Agathe Lambret n’est pas toujours aussi courtoise. Le 19 février 2026, après la mort du néo-nazi Quentin Deranque, elle participait à la campagne de propagande aussi mensongère qu’abjecte visant à criminaliser l’antifascisme. Elle imposait alors un véritable interrogatoire à l’Insoumis Manuel Bompard, avec des question d’une mauvaise foi stupéfiante. Acrimed avait recensé qu’Agathe Lambret avait interrompu Manuel Bompard à pas moins de 64 reprises en à peine 20 minutes. C’est-à-dire une fois toutes les 18 secondes en moyenne. L’élu n’avait pas pu articuler la moindre pensée construite. Forte avec les faible, faible avec les forts, Agathe Lambret a ainsi démontré sa docilité sans faille envers le pouvoir et sa férocité contre ses opposants.

Agathe Lambret et les médias, c’est une affaire de famille.

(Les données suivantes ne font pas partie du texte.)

(* Fix $n\ge 1$, the shape $\lambda=n^2=(n,n)$, and a density $\rho$ with positive entries $\rho_{1,j}=a_j$, $\rho_{2,j}=b_j$ for $1\le j\le n$; let $a=\sum_j a_j$, $b=\sum_j b_j$. Let $P_{\max}=E^{a_1}N^{b_1}E^{a_2}N^{b_2}\cdots E^{a_n}N^{b_n}\in\mathcal{P}$ and $I=\{P\in\mathcal{P}: P\le P_{\max}\}$. Then $\psi_\rho$ is injective with image exactly $I$; in particular $\psi_\rho$ is a bijection between $\mathrm{SVT}(\lambda,\rho)$ and $I$.
   Context: A density on a shape $\lambda$ is an assignment of a nonnegative integer $\rho_{i,j}$ to every cell $(i,j)$ (row $i$, column $j$); let $N=\sum\rho_{i,j}$. A standard set-valued Young tableau of shape $\lambda$ and density $\rho$ assigns to each cell $(i,j)$ a set $S_{i,j}$ with $|S_{i,j}|=\rho_{i,j}$, the sets partitioning $[N]$, such that every element of $S_{i,j}$ is smaller than every element of $S_{i,j+1}$ and of $S_{i+1,j}$ whenever those cells exist. $\mathrm{SVT}(\lambda,\rho)$ is the set of these tableaux. $\mathcal{P}$ is the set of lattice paths from $(0,0)$ to $(a,b)$ using steps $E=(1,0)$ and $N=(0,1)$, written as words in $E,N$. The map $\psi_\rho:\mathrm{SVT}(\lambda,\rho)\to\mathcal{P}$ sends $T$ to the word whose $m$-th letter ($1\le m\le a+b$) is $E$ if $m$ lies in the first row of $T$ and $N$ if $m$ lies in the second row. For $P_1,P_2\in\mathcal{P}$, $P_1\ge P_2$ (equivalently $P_2\le P_1$) means $P_1$ lies weakly above $P_2$ over $0\le x\le a$. *)

From mathcomp Require Import all_boot.
Set Implicit Arguments. Unset Strict Implicit. Unset Printing Implicit Defensive.

Section SVT.
Variables (n : nat) (a b : 'I_n -> nat).

Definition suma : nat := \sum_(j < n) a j.
Definition sumb : nat := \sum_(j < n) b j.
Definition totN : nat := suma + sumb.

(* Cells are pairs (i, j) with i : 'I_2 (row 0 = first row, row 1 = second
   row) and j : 'I_n (column). The density: rho_{1,j} = a_j, rho_{2,j} = b_j. *)
Definition dens (c : 'I_2 * 'I_n) : nat :=
  if c.1 == ord0 then a c.2 else b c.2.

(* The ground set [N] = {1,...,N} is represented by 'I_N = {0,...,N-1},
   element m : 'I_N standing for m+1 (order preserving). *)
Definition tableau := {ffun 'I_2 * 'I_n -> {set 'I_totN}}.

Definition is_SVT (T : tableau) : Prop :=
  [/\ (forall c, #|T c| = dens c),
      (forall m : 'I_totN, exists c, m \in T c),
      (forall c c', c <> c' -> [disjoint T c & T c']),
      (forall (i : 'I_2) (j j' : 'I_n), val j' = (val j).+1 ->
         forall x y, x \in T (i, j) -> y \in T (i, j') -> x < y)
    &
      (forall (j : 'I_n) x y, x \in T (ord0, j) -> y \in T (ord_max, j) -> x < y)].

(* Lattice paths as words: true = E = (1,0), false = N = (0,1). *)
Definition psi (T : tableau) : seq bool :=
  [seq [exists j, m \in T (ord0, j)] | m <- enum 'I_totN].

Definition Pmax : seq bool :=
  flatten [seq nseq (a j) true ++ nseq (b j) false | j <- enum 'I_n].

End SVT.

Definition lattice_path (x y : nat) (P : seq bool) : Prop :=
  size P = x + y /\ count id P = x.

Definition path_pt (P : seq bool) (k : nat) : nat * nat :=
  (count id (take k P), count negb (take k P)).

Definition on_path (P : seq bool) (p : nat * nat) : Prop :=
  exists2 k, k <= size P & path_pt P k = p.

Après avoir fait ses étude de droit à Assas, elle passe dix ans sur BFM, où elle se met en couple avec Benjamin Duhamel, autre présentateur vedette, pistonné par papa et maman. Et, par un étonnant hasard, elle est ensuite propulsée à l’antenne de France Info, chaîne de service public. La directrice de l’information chez France Télévision n’est autre que Nathalie Saint-Cricq. Sa belle maman.

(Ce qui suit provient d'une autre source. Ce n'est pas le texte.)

(* Let $\mathcal{E}=[\theta,u]$ be an interval effect algebra with an order-determining set of states $\mathcal{S}(\mathcal{E})$. For $a,b\in\mathcal{E}$ and $\beta\in\mathcal{S}(\mathcal{E})$ define $a[\beta]b=\beta(b)a\in\mathcal{E}$. Then for all $a,b,c\in\mathcal{E}$ and $\alpha,\beta\in\mathcal{S}(\mathcal{E})$: (i) the maps $b\mapsto a[\beta]b$ and $a\mapsto a[\beta]b$ preserve convex combinations and are additive (e.g. $a[\beta](b+c)=a[\beta]b+a[\beta]c$ whenever $b+c\le u$, and $(a+c)[\beta]b=a[\beta]b+c[\beta]b$ whenever $a+c\le u$); (ii) $\theta[\beta]b=b[\beta]\theta=\theta$; (iii) $a[\beta]u=a$, $u[\beta]b=\beta(b)u$, and $u[\beta]b=b$ if and only if $b=\lambda u$ for some $\lambda\in[0,1]$; (iv) $a[\beta]b\le a$; (v) $a[\alpha](b[\beta]c)=(a[\alpha]b)[\beta]c$; (vi) $a[\alpha]b=\theta$ does not in general imply $b[\alpha]a=\theta$: there exist such an $\mathcal{E}$, a state $\alpha$, and $a,b\in\mathcal{E}$ with $a[\alpha]b=\theta$ but $b[\alpha]a\ne\theta$.
   Context: Let $V$ be a real vector space with zero $\theta$ and $K\subseteq V$ a positive cone ($\mathbb{R}^+K\subseteq K$, $K+K\subseteq K$, $K\cap(-K)=\{\theta\}$), ordered by $x\le y$ iff $y-x\in K$. For $u\in K$, $u\ne\theta$, the interval effect algebra is $\mathcal{E}=[\theta,u]=\{x\in K:x\le u\}$; $a\perp b$ means $a+b\le u$. A state is $s\colon\mathcal{E}\to[0,1]$ with $s(u)=1$ and $s(a+b)=s(a)+s(b)$ when $a\perp b$; $\mathcal{S}(\mathcal{E})$ is the set of all states, assumed order-determining ($a\le b$ iff $s(a)\le s(b)$ for all states $s$). *)

From HB Require Import structures.
From mathcomp Require Import all_boot all_order all_algebra.
From mathcomp Require Import reals.
Set Implicit Arguments. Unset Strict Implicit. Unset Printing Implicit Defensive.
Import Order.TTheory GRing.Theory Num.Theory.
Local Open Scope ring_scope.

Section IEA.
Variables (R : realType) (V : lmodType R).

Definition positive_cone (K : V -> Prop) : Prop :=
  [/\ (forall (r : R) x, 0 <= r -> K x -> K (r *: x)),
      (forall x y, K x -> K y -> K (x + y)),
      K 0 &
      (forall x, K x -> K (- x) -> x = 0)].

Definition cle (K : V -> Prop) (x y : V) : Prop := K (y - x).

Definition in_eff (K : V -> Prop) (u x : V) : Prop := K x /\ cle K x u.

(* states on [θ,u]; represented by functions V -> R, only their values on
   [θ,u] matter *)
Definition is_state (K : V -> Prop) (u : V) (s : V -> R) : Prop :=
  [/\ (forall x, in_eff K u x -> 0 <= s x <= 1),
      s u = 1 &
      (forall a b, in_eff K u a -> in_eff K u b -> cle K (a + b) u ->
         s (a + b) = s a + s b)].

Definition order_determining (K : V -> Prop) (u : V) : Prop :=
  forall a b, in_eff K u a -> in_eff K u b ->
    (cle K a b <-> forall s, is_state K u s -> s a <= s b).

Definition interval_effect_algebra (K : V -> Prop) (u : V) : Prop :=
  [/\ positive_cone K, K u, u <> 0 & order_determining K u].

Definition sprod (a : V) (beta : V -> R) (b : V) : V := beta b *: a.

End IEA.

(* States are homogeneous: for x in [θ, u] the map t |-> β (t x) is additive and
   nonnegative on [0, 1], and such a map is linear (squeeze k/n <= t between
   consecutive fractions), so β (t x) = t β (x).  Then a[β]b = β(b) a is linear
   in a and, on [θ, u], additive and homogeneous in b, which gives (i)-(v).
   For (vi) take the positive orthant of R^2 with u = (1, 1) and α the first
   coordinate: (1, 0)[α](0, 1) = 0 while (0, 1)[α](1, 0) = (0, 1). *)

From HB Require Import structures.
From mathcomp Require Import all_boot all_order all_algebra.
From mathcomp Require Import reals.
From mathcomp Require Import ring lra.
Import Order.TTheory GRing.Theory Num.Theory.
Local Open Scope ring_scope.
Set Implicit Arguments. Unset Strict Implicit.

Lemma le0_bounded_natmul (R : archiRealFieldType) (x c : R) :
  (forall n, x *+ n <= c) -> x <= 0.
Proof.
move=> bounded; rewrite leNgt; apply/negP => x_gt0.
have := bounded (Num.truncn (c / x)).+1.
rewrite -mulr_natr -ler_pdivlMl // mulrC; apply/negP; rewrite -ltNge.
exact: truncnS_gt.
Qed.

Section AdditiveOnUnitInterval.
Variables (R : archiRealFieldType) (f : R -> R).
Hypothesis fD :
  forall a b : R, 0 <= a -> 0 <= b -> a + b <= 1 -> f (a + b) = f a + f b.
Hypothesis f_ge0 : forall a : R, 0 <= a <= 1 -> 0 <= f a.

Lemma additive_f0 : f 0 = 0.
Proof. have := fD (lexx 0) (lexx 0); rewrite addr0 => /(_ ler01); lra. Qed.

Lemma additive_le a b : 0 <= a -> a <= b -> b <= 1 -> f a <= f b.
Proof.
move=> a_ge0 le_ab b_le1.
have -> : b = a + (b - a) by ring.
rewrite fD ?subr_ge0 ?subrKC // lerDl f_ge0 // subr_ge0 le_ab /=; lra.
Qed.

Lemma additive_natmul x n : 0 <= x -> x *+ n <= 1 -> f (x *+ n) = f x *+ n.
Proof.
move=> x_ge0; elim: n => [|n IHn] le1; first by rewrite !mulr0n additive_f0.
have le_n_Sn : x *+ n <= x *+ n.+1 by rewrite mulrS lerDr.
by rewrite mulrS fD ?mulrn_wge0 ?IHn -?mulrS ?(le_trans le_n_Sn).
Qed.

Lemma additive_ratio k n : (k <= n)%N -> f (k%:R / n%:R) = k%:R / n%:R * f 1.
Proof.
case: n => [|n] le_kn.
  by move: le_kn; rewrite leqn0 => /eqP->; rewrite !mul0r additive_f0.
set N : R := n.+1%:R; have N_gt0 : 0 < N by rewrite ltr0n.
have inv_ge0 : 0 <= N^-1 by rewrite invr_ge0 ltW.
have f1 : f 1 = f N^-1 * N.
  have N_invK : N^-1 *+ n.+1 = 1 by rewrite -mulr_natr mulVf ?gt_eqF.
  by rewrite -{1}N_invK additive_natmul ?N_invK // mulr_natr.
rewrite f1 mulrCA divfK ?gt_eqF // mulr_natl mulr_natr additive_natmul //.
by rewrite -mulr_natl ler_pdivrMr // mul1r ler_nat.
Qed.

(* With k = floor (l n): f l >= f (k / n) = k / n * f 1 >= l * f 1 - f 1 / n. *)
Lemma additive_lower_bound (l : R) :
  0 <= l <= 1 -> forall n, (l * f 1 - f l) *+ n <= f 1.
Proof.
have f1_ge0 : 0 <= f 1 by rewrite f_ge0 ?lexx ?ler01.
move=> /andP[l_ge0 l_le1] [|n]; first by rewrite mulr0n.
set N : R := n.+1%:R; have N_gt0 : 0 < N by rewrite ltr0n.
have /andP[k_le k_gt] := truncn_itv (mulr_ge0 l_ge0 (ltW N_gt0)).
set k := Num.truncn (l * N) in k_le k_gt.
have q_le_l : k%:R / N <= l by rewrite ler_pdivrMr.
have q_ge0 : 0 <= k%:R / N by rewrite divr_ge0 ?ler0n ?ltW.
have le_kn : (k <= n.+1)%N.
  by rewrite -(ler_nat R) (le_trans k_le) // ler_piMl // ltW.
have := additive_le q_ge0 q_le_l l_le1; rewrite additive_ratio // => f_ge.
have kE : k%:R = k%:R / N * N by rewrite divfK ?gt_eqF.
rewrite -mulr_natr -/N; move: k_gt; rewrite -natr1 kE.
move: (k%:R / N) f_ge q_ge0 q_le_l => q *; nra.
Qed.

Lemma additive_linear (l : R) : 0 <= l <= 1 -> f l = l * f 1.
Proof.
move=> l_itv; have /andP[l_ge0 l_le1] := l_itv.
have l'_itv : 0 <= 1 - l <= 1 by apply/andP; split; lra.
have le_l := le0_bounded_natmul (additive_lower_bound l_itv).
have le_l' := le0_bounded_natmul (additive_lower_bound l'_itv).
(* The lower bound at 1 - l is an upper bound at l, since f 1 = f l + f (1 - l). *)
have := fD l_ge0 (proj1 (andP l'_itv)); rewrite subrKC => /(_ (lexx 1)).
lra.
Qed.
End AdditiveOnUnitInterval.

Section SequentialProductLinearity.
Variables (R : realType) (V : lmodType R) (beta : V -> R).

Lemma sprodDl a c b : sprod (a + c) beta b = sprod a beta b + sprod c beta b.
Proof. exact: scalerDr. Qed.

Lemma sprodZl l a b : sprod (l *: a) beta b = l *: sprod a beta b.
Proof. by rewrite /sprod !scalerA mulrC. Qed.

Lemma sprod0l b : sprod 0 beta b = 0.
Proof. exact: scaler0. Qed.

End SequentialProductLinearity.

Section IntervalEffectAlgebra.
Variables (R : realType) (V : lmodType R) (K : V -> Prop) (u : V).
Hypotheses (cone_K : positive_cone K) (K_u : K u).

Lemma coneZ r x : 0 <= r -> K x -> K (r *: x).
Proof. by case: cone_K => + _ _ _; apply. Qed.

Lemma coneD x y : K x -> K y -> K (x + y).
Proof. by case: cone_K => _ + _ _; apply. Qed.

Lemma in_eff0 : in_eff K u 0.
Proof. by case: cone_K; split; rewrite // /cle subr0. Qed.

Lemma in_eff_unit : in_eff K u u.
Proof. by case: cone_K; split; rewrite // /cle subrr. Qed.

Lemma cle_unit_conv l b c : 0 <= l <= 1 -> in_eff K u b -> in_eff K u c ->
  cle K (l *: b + (1 - l) *: c) u.
Proof.
move=> /andP[l_ge0 l_le1] [_ b_le] [_ c_le].
rewrite /cle.
have -> : u - (l *: b + (1 - l) *: c) = l *: (u - b) + (1 - l) *: (u - c).
  by rewrite !scalerBr addrACA -scalerDl subrKC scale1r opprD.
by apply: coneD; apply: coneZ; rewrite ?subr_ge0.
Qed.

Lemma in_effZ l x : 0 <= l <= 1 -> in_eff K u x -> in_eff K u (l *: x).
Proof.
move=> l_itv Ex; split; first by case: Ex => Kx _; apply: coneZ Kx; case/andP: l_itv.
by have := cle_unit_conv l_itv Ex in_eff0; rewrite scaler0 addr0.
Qed.

Section State.
Variable s : V -> R.
Hypothesis s_state : is_state K u s.

Lemma state_itv x : in_eff K u x -> 0 <= s x <= 1.
Proof. by case: s_state => + _ _; apply. Qed.

Lemma stateD a b : in_eff K u a -> in_eff K u b -> cle K (a + b) u ->
  s (a + b) = s a + s b.
Proof. by case: s_state => _ _; apply. Qed.

Lemma state_unit : s u = 1.
Proof. by case: s_state. Qed.

Lemma stateZ l x : 0 <= l <= 1 -> in_eff K u x -> s (l *: x) = l * s x.
Proof.
move=> l_itv Ex.
have Etx t : 0 <= t <= 1 -> in_eff K u (t *: x) by move/in_effZ; apply.
rewrite -[in RHS](scale1r x).
apply: (additive_linear (f := fun t => s (t *: x))) l_itv.
- move=> a b a_ge0 b_ge0 ab_le1.
  have [a_le1 b_le1] : a <= 1 /\ b <= 1 by split; lra.
  have /Etx[_ ab_le] : 0 <= a + b <= 1 by rewrite addr_ge0.
  by rewrite scalerDl in ab_le *; apply: stateD ab_le; apply: Etx; apply/andP.
- by move=> a /Etx /state_itv /andP[].
Qed.

Lemma state0 : s 0 = 0.
Proof. by rewrite -(scale0r u) stateZ ?mul0r ?lexx ?ler01 //; apply: in_eff_unit. Qed.

Lemma state_le a b : in_eff K u a -> in_eff K u b -> cle K a b -> s a <= s b.
Proof.
move=> [Ka a_le] [Kb b_le] ab_le.
have Eba : in_eff K u (b - a).
  by split; rewrite // /cle opprB addrA addrAC; apply: coneD.
have := stateD (conj Ka a_le) Eba; rewrite subrKC => /(_ b_le) ->.
by rewrite lerDl; case/andP: (state_itv Eba).
Qed.

End State.

Section SequentialProduct.
Variables (alpha beta : V -> R).
Hypotheses (alpha_state : is_state K u alpha) (beta_state : is_state K u beta).

Lemma sprod_in_eff a b : in_eff K u a -> in_eff K u b -> in_eff K u (sprod a beta b).
Proof. by move=> Ea /(state_itv beta_state) /in_effZ; apply. Qed.

Lemma sprod0r a : sprod a beta 0 = 0.
Proof. by rewrite /sprod state0 ?scale0r. Qed.

Lemma sprod_unitr a : sprod a beta u = a.
Proof. by rewrite /sprod state_unit ?scale1r. Qed.

Lemma sprodDr a b c : in_eff K u b -> in_eff K u c -> cle K (b + c) u ->
  sprod a beta (b + c) = sprod a beta b + sprod a beta c.
Proof. by move=> Eb Ec bc_le; rewrite /sprod stateD ?scalerDl. Qed.

Lemma sprodZr a l b : 0 <= l <= 1 -> in_eff K u b ->
  sprod a beta (l *: b) = l *: sprod a beta b.
Proof. by move=> l_itv Eb; rewrite /sprod stateZ ?scalerA. Qed.

Lemma sprod_convr a b c l : 0 <= l <= 1 -> in_eff K u b -> in_eff K u c ->
  sprod a beta (l *: b + (1 - l) *: c)
    = l *: sprod a beta b + (1 - l) *: sprod a beta c.
Proof.
move=> l_itv Eb Ec; have l'_itv : 0 <= 1 - l <= 1.
  by case/andP: l_itv => ? ?; apply/andP; split; lra.
rewrite sprodDr ?sprodZr //; [exact: in_effZ | exact: in_effZ | exact: cle_unit_conv].
Qed.

Lemma sprod_unitl_fixed b : in_eff K u b ->
  sprod u beta b = b <-> exists l : R, 0 <= l <= 1 /\ b = l *: u.
Proof.
move=> Eb; split=> [<- | [l [l_itv ->]]]; first by exists (beta b); rewrite state_itv.
by rewrite /sprod stateZ ?state_unit ?mulr1 //; apply: in_eff_unit.
Qed.

Lemma sprod_cle a b : in_eff K u a -> in_eff K u b -> cle K (sprod a beta b) a.
Proof.
move=> [Ka _] /(state_itv beta_state) /andP[_ le1].
by rewrite /cle /sprod -{1}(scale1r a) -scalerBl; apply: coneZ; rewrite ?subr_ge0.
Qed.

Lemma sprodA a b c : in_eff K u b -> in_eff K u c ->
  sprod a alpha (sprod b beta c) = sprod (sprod a alpha b) beta c.
Proof. by move=> Eb Ec; rewrite /sprod stateZ ?state_itv ?scalerA 1?mulrC. Qed.

End SequentialProduct.
End IntervalEffectAlgebra.

Section Orthant.
Variable R : realType.
Local Notation plane := (R^o * R^o)%type.

Definition orthant (x : plane) : Prop := 0 <= x.1 /\ 0 <= x.2.

Lemma orthant_cone : positive_cone orthant.
Proof.
split=> [r x r_ge0 [? ?] | x y [? ?] [? ?] | | [x1 x2] [/= ? ?] [/= Nx1_ge0 Nx2_ge0]].
- by split; apply: mulr_ge0.
- by split; apply: addr_ge0.
- by split.
- by congr pair; apply/eqP; rewrite eq_le -oppr_ge0 ?Nx1_ge0 ?Nx2_ge0.
Qed.

Lemma in_eff_orthant (x : plane) :
  in_eff orthant (1, 1) x <-> 0 <= x.1 <= 1 /\ 0 <= x.2 <= 1.
Proof.
rewrite /in_eff /cle /orthant /= !subr_ge0.
by split=> [[[-> ->] [-> ->]] | [/andP[-> ->] /andP[-> ->]]].
Qed.

Lemma state_fst : is_state orthant (1, 1) (@fst R^o R^o).
Proof. by split=> // x /in_eff_orthant[]. Qed.

Lemma state_snd : is_state orthant (1, 1) (@snd R^o R^o).
Proof. by split=> // x /in_eff_orthant[]. Qed.

Lemma orthant_interval_effect_algebra : interval_effect_algebra orthant (1, 1).
Proof.
split=> [| | [] /eqP | a b Ea Eb].
- exact: orthant_cone.
- by split; rewrite /= (@ler01 R).
- by rewrite oner_eq0.
split=> [ab_le s s_state | le_states]; first exact: (state_le orthant_cone s_state).
by split; rewrite /= subr_ge0; [apply: le_states state_fst | apply: le_states state_snd].
Qed.

End Orthant.

Theorem lemma4p2 (R : realType) :
  (forall (V : lmodType R) (K : V -> Prop) (u : V),
   interval_effect_algebra K u ->
   forall (a b c : V) (alpha beta : V -> R),
   in_eff K u a -> in_eff K u b -> in_eff K u c ->
   is_state K u alpha -> is_state K u beta ->
   (* a[β]b ∈ E *)
   in_eff K u (sprod a beta b) /\
   (* (i) convexity and additivity in each argument *)
   (forall l : R, 0 <= l <= 1 ->
      sprod a beta (l *: b + (1 - l) *: c)
        = l *: sprod a beta b + (1 - l) *: sprod a beta c) /\
   (forall l : R, 0 <= l <= 1 ->
      sprod (l *: a + (1 - l) *: c) beta b
        = l *: sprod a beta b + (1 - l) *: sprod c beta b) /\
   (cle K (b + c) u -> sprod a beta (b + c) = sprod a beta b + sprod a beta c) /\
   (cle K (a + c) u -> sprod (a + c) beta b = sprod a beta b + sprod c beta b) /\
   (* (ii) *)
   (sprod 0 beta b = 0 /\ sprod b beta 0 = 0) /\
   (* (iii) *)
   (sprod a beta u = a /\ sprod u beta b = beta b *: u /\
    (sprod u beta b = b <-> exists l : R, 0 <= l <= 1 /\ b = l *: u)) /\
   (* (iv) *)
   cle K (sprod a beta b) a /\
   (* (v) *)
   sprod a alpha (sprod b beta c) = sprod (sprod a alpha b) beta c)
  /\
  (* (vi) a[α]b = θ does not in general imply b[α]a = θ *)
  (exists (V : lmodType R) (K : V -> Prop) (u : V) (alpha : V -> R) (a b : V),
     interval_effect_algebra K u /\ is_state K u alpha /\
     in_eff K u a /\ in_eff K u b /\
     sprod a alpha b = 0 /\ sprod b alpha a <> 0).
Proof.
split=> [V K u [cone_K K_u _ _] a b c alpha beta Ea Eb Ec S_alpha S_beta | ].
  split; first exact: sprod_in_eff.
  split; first by move=> l l_itv; apply: (sprod_convr cone_K K_u S_beta).
  split; first by move=> l _; rewrite sprodDl !sprodZl.
  split; first exact: sprodDr.
  split; first by rewrite sprodDl.
  split; first by rewrite sprod0l (sprod0r cone_K K_u S_beta).
  split; first by rewrite (sprod_unitr S_beta) (sprod_unitl_fixed cone_K K_u S_beta).
  split; first exact: (sprod_cle cone_K S_beta).
  exact: (sprodA cone_K K_u S_alpha S_beta).
exists (R^o * R^o)%type, (@orthant R), (1, 1), fst, (1, 0), (0, 1).
split; first exact: orthant_interval_effect_algebra.
split; first exact: state_fst.
do 2 (split; first by apply/in_eff_orthant; rewrite /= !lexx (@ler01 R)).
by rewrite /sprod /= scale0r scale1r; split=> // -[] /eqP; rewrite oner_eq0.
Qed.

Parmi les faits d’armes d’Agathe Lambret, cette scène en octobre 2022 : une vidéo montre une députée EELV subissant des coups de la part d’un gendarme lors d’une mobilisation à Sainte-Soline. Commentaire de Lambret en plateau : «On peut se poser la question, que faisait cette élue dans une manifestation interdite ? Et en plus, marchant sciemment vers un cordon de gendarmes, qui sont en tain de maintenir l’ordre dans une manifestation qui agrège son lot de casseurs, de black blocs et de fichés S». Toute en nuance, la militante Agathe Lambret justifie les violences policières sur une députée, malgré des images éloquentes. Plus tard elle explique «tout de même, cette députée marchait en direction de la bassine». Marcher dans un champ vers un trou en terre, ça mérite bien quelques coups. Avant cela, chez BFM, elle «couvrait» LR et le RN, qu’elle bichonnait aux petits oignons. Elle est beaucoup plus compréhensive quand il faut évoquer le récidiviste Nicolas Sarkozy.

Lors de l’attaque des USA contre le Venezuela, Agathe Lambret ne cache pas son admiration pour l’opération militaire, et explique tranquillement qu’il y a eu «zéro mort»… Alors qu’il y en a eu des dizaines, y compris des civils. Fin 2023, face à Clémence Guetté, elle accuse LFI de ne pas avoir dénoncé «les viols commis par le Hamas». L’élue est stupéfaite, elle condamne bien évidemment les crimes de guerre. Lambret l’interrompt : «Je vous parle des victimes israéliennes, on est pas obligés de comparer». On l’a compris, ce sont les seules victimes qui comptent pour l’éditorialiste.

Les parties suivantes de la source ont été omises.